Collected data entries
┄┄┄┄┄┄┄┄┄┄┄┄┄┄┄┄┄┄┄┄
(* If det M < 0, the intermediate value theorem makes M + t (1 - M) singular
   for some t in [0, 1], and a kernel vector contradicts positivity. *)
Lemma psdmx_det_ge0 (R : rcfType) n (M : 'M[R]_n) : psdmx M -> 0 <= \det M.
Proof.
move=> Mpsd; rewrite leNgt; apply/negP => det_lt0.
pose N : 'M[{poly R}]_n := map_mx polyC M + 'X *: map_mx polyC (1%:M - M).
have hornerN t : (\det N).[t] = \det (M + t *: (1%:M - M)).
  rewrite -horner_evalE -det_map_mx; congr (\det _); apply/matrixP => i j.
  by rewrite !mxE /= horner_evalE !hornerE.
have [|t /andP[t0 t1]] := @poly_ivt R (\det N) 0 1 ler01.
  by rewrite !hornerN scale0r addr0 scale1r addrC subrK det1 (ltW det_lt0) ler01.
rewrite /root hornerN => /det0P[v v_neq0 vN0].
have eq0 : (v *m M *m v^T) 0 0 + t * ((v *m v^T) 0 0 - (v *m M *m v^T) 0 0) = 0.
  have := congr1 (fun B : 'rV_n => (B *m v^T) 0 0) vN0.
  by rewrite mul0mx mulmxDr -scalemxAr mulmxBr mulmx1 mulmxDl -scalemxAl mulmxBl !mxE.
have q_ge0 := Mpsd v; have nv_gt0 : 0 < (v *m v^T) 0 0.
  by rewrite lt_def row_sqnorm_eq0 v_neq0 row_sqnorm_ge0.
have [t_eq0|t_neq0] := eqVneq t 0.
  move: vN0; rewrite t_eq0 scale0r addr0 => vM0.
  have /eqP detM0 : \det M == 0 by apply/det0P; exists v.
  by move: det_lt0; rewrite detM0 ltxx.
have t_gt0 : 0 < t by rewrite lt_def t_neq0.
nra.
Qed.

Lemma sherman_morrison (F : fieldType) n (M : 'M[F]_n) (u : 'rV_n) (c a : F) :
  M \in unitmx -> c != 0 -> c + a * (u *m invmx M *m u^T) 0 0 != 0 ->
  let A := invmx M in
  let K := c^-1 *: (A - (a / (c + a * (u *m A *m u^T) 0 0)) *: (A *m u^T *m u *m A)) in
  c *: M + a *: (u^T *m u) \in unitmx /\ invmx (c *: M + a *: (u^T *m u)) = K.
Proof.
move=> Munit c_neq0 d_neq0 A K.
set g := (u *m A *m u^T) 0 0 in d_neq0 *; set N := c *: M + a *: (u^T *m u).
have uAu : u *m A *m u^T = g%:M by rewrite [LHS]mx11_scalar.
have NK : N *m K = 1%:M.
  rewrite /N /K -scalemxAr mulmxDl -!scalemxAl !mulmxBr -!scalemxAr !mulmxA.
  have -> : u^T *m u *m A *m u^T *m u *m A = u^T *m (u *m A *m u^T) *m u *m A.
    by rewrite !mulmxA.
  rewrite mulmxV // !mul1mx uAu mul_mx_scalar -!scalemxAl.
  by apply/matrixP => i j; rewrite !mxE eqxx mulr1n; field; apply/andP.
have [Nunit _] := mulmx1_unit NK.
by split=> //; rewrite -[invmx N]mulmx1 -NK mulmxA mulVmx // mul1mx.
Qed.

(* With phi = tr M^-1, g = u M^-1 u^T and b = u M^-2 u^T, the left-hand side
   is tr (c M + a u^T u)^-1 by Sherman-Morrison: the trace after moving the
   weight of a design point from v to y (see info_mx_shift_weight). *)
Lemma shifted_trace_lt (R : realFieldType) (phi nu g b v : R) :
  let c y := (1 - y) / (1 - v) in let a y := nu * (y - v) / (1 - v) in
  0 < phi -> 0 <= nu -> 0 <= g -> phi < nu * b -> v < 1 ->
  exists2 y, v < y < 1 & (c y)^-1 * (phi - a y / (c y + a y * g) * b) < phi.
Proof.
move=> c a phi_gt0 nu_ge0 g_ge0 phi_lt v_lt1; set r := 1 - v.
have r_gt0 : 0 < r by rewrite subr_gt0.
have nug_ge0 : 0 <= nu * g by exact: mulr_ge0.
have den_gt0 : 0 < nu * b + phi * (nu * g) by nra.
(* Moving e < r decreases the trace iff phi * D < r * nu * b, with D below;
   for this e the gap r * nu * b - phi * D is e * (phi + nu * b). *)
set e := r * (nu * b - phi) / (nu * b + phi * (nu * g)).
have e_gt0 : 0 < e by rewrite /e divr_gt0 // mulr_gt0 // subr_gt0.
have eden : e * (nu * b + phi * (nu * g)) = r * (nu * b - phi).
  by rewrite /e; field; rewrite lt0r_neq0.
have e_lt_r : e < r.
  rewrite -(ltr_pM2r den_gt0) eden ltr_pM2l //.
  by have := mulr_ge0 (ltW phi_gt0) nug_ge0; lra.
exists (v + e); first by rewrite /r in e_lt_r; apply/andP; split; lra.
set D := r - e + e * (nu * g).
have D_gt0 : 0 < D by rewrite /D; nra.
have -> : (c (v + e))^-1 * (phi - a (v + e) / (c (v + e) + a (v + e) * g) * b) =
    r * (phi * D - e * (nu * b)) / ((r - e) * D).
  rewrite /c /a /D /r /=; field.
  by rewrite !lt0r_neq0 // ?subr_gt0 //; rewrite /r in e_lt_r *; nra.
rewrite ltr_pdivrMr ?mulr_gt0 ?subr_gt0 // -subr_gt0.
have -> : phi * ((r - e) * D) - r * (phi * D - e * (nu * b)) =
    e * e * (phi + nu * b) + e * (r * (nu * b - phi) - e * (nu * b + phi * (nu * g))).
  by rewrite /D; ring.
by rewrite -eden subrr mulr0 addr0; apply: mulr_gt0; [exact: mulr_gt0 | lra].
Qed.

Lemma seq_argmax (T : eqType) (R : realDomainType) (F : T -> R) (s : seq T) x0 :
  x0 \in s -> exists2 x, x \in s & forall z, z \in s -> F z <= F x.
Proof.
elim: s x0 => [//|a [|b s] IH] x0 _.
  by exists a => [|z]; rewrite ?mem_head // inE => /eqP ->.
have [x xs x_max] := IH b (mem_head b s).
have [Fax|Fxa] := leP (F a) (F x).
  exists x => [|z]; first by rewrite inE xs orbT.
  by rewrite inE => /predU1P[->|/x_max].
exists a => [|z]; first exact: mem_head.
by rewrite inE => /predU1P[->//|/x_max Fzx]; apply: le_trans Fzx (ltW Fxa).
Qed.

Lemma compact_argmax_inf_continuous (T : ptopologicalType) (R : realType)
    (K : set T) (f : T -> R) :
  compact K -> K !=set0 ->
  (forall x, K x -> exists2 g : T -> R,
    continuous g & g x = f x /\ forall z, K z -> f z <= g z) ->
  exists2 x, K x & forall z, K z -> f z <= f x.
Proof.
(* Otherwise each x is beaten by some y x; the best of the finitely many y x
   needed to cover K by the open sets [g x < f (y x)] would beat itself. *)
move=> K_compact [x0 Kx0] f_inf.
have [//|no_max] := pselect (exists2 x, K x & forall z, K z -> f z <= f x).
have /choice[y y_better] : forall x, exists y, K x -> K y /\ f x < f y.
  move=> x; have [Kx|] := pselect (K x); last by exists x.
  apply: contrapT => /forallNP y_worse; apply: no_max; exists x => // z Kz.
  by rewrite leNgt; apply/negP => fxz; apply: (y_worse z).
have /choice[g g_maj] : forall x, exists g : T -> R,
    K x -> [/\ continuous g, g x = f x & forall z, K z -> f z <= g z].
  move=> x; have [Kx|] := pselect (K x); last by exists f.
  by have [g gc [gx g_ge]] := f_inf x Kx; exists g.
pose U x := g x @^-1` [set z | z < f (y x)].
move: K_compact; rewrite compact_cover => /(_ T K U)[].
- move=> x Kx; have [gc _ _] := g_maj x Kx.
  by apply: open_comp; [move=> z _; exact: gc | exact: open_lt].
- move=> x Kx; exists x => //; have [_ gx _] := g_maj x Kx.
  by rewrite /U /= gx; exact: (y_better x Kx).2.
move=> D DK K_cover; have [x1 x1D _] := K_cover x0 Kx0.
have [xm xmD xm_max] := seq_argmax (fun x => f (y x)) x1D.
have Kxm : K xm by have := DK xm xmD; rewrite inE.
have [x xD Uxm] := K_cover (y xm) (y_better xm Kxm).1.
have Kx : K x by have := DK x xD; rewrite inE.
have [_ _ g_ge] := g_maj x Kx.
have := g_ge (y xm) (y_better xm Kxm).1; have := xm_max x xD; rewrite /U /= in Uxm.
lra.
Qed.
┄┄┄┄┄┄┄┄┄┄┄┄┄┄┄┄┄┄┄┄
*WORK REQUIRED*
Quote only the stretch of lines that starts the data above and ends with the line containing "polyC (1%:M - M).", both included.

*OUTPUT BELOW*
(* If det M < 0, the intermediate value theorem makes M + t (1 - M) singular
   for some t in [0, 1], and a kernel vector contradicts positivity. *)
Lemma psdmx_det_ge0 (R : rcfType) n (M : 'M[R]_n) : psdmx M -> 0 <= \det M.
Proof.
move=> Mpsd; rewrite leNgt; apply/negP => det_lt0.
pose N : 'M[{poly R}]_n := map_mx polyC M + 'X *: map_mx polyC (1%:M - M).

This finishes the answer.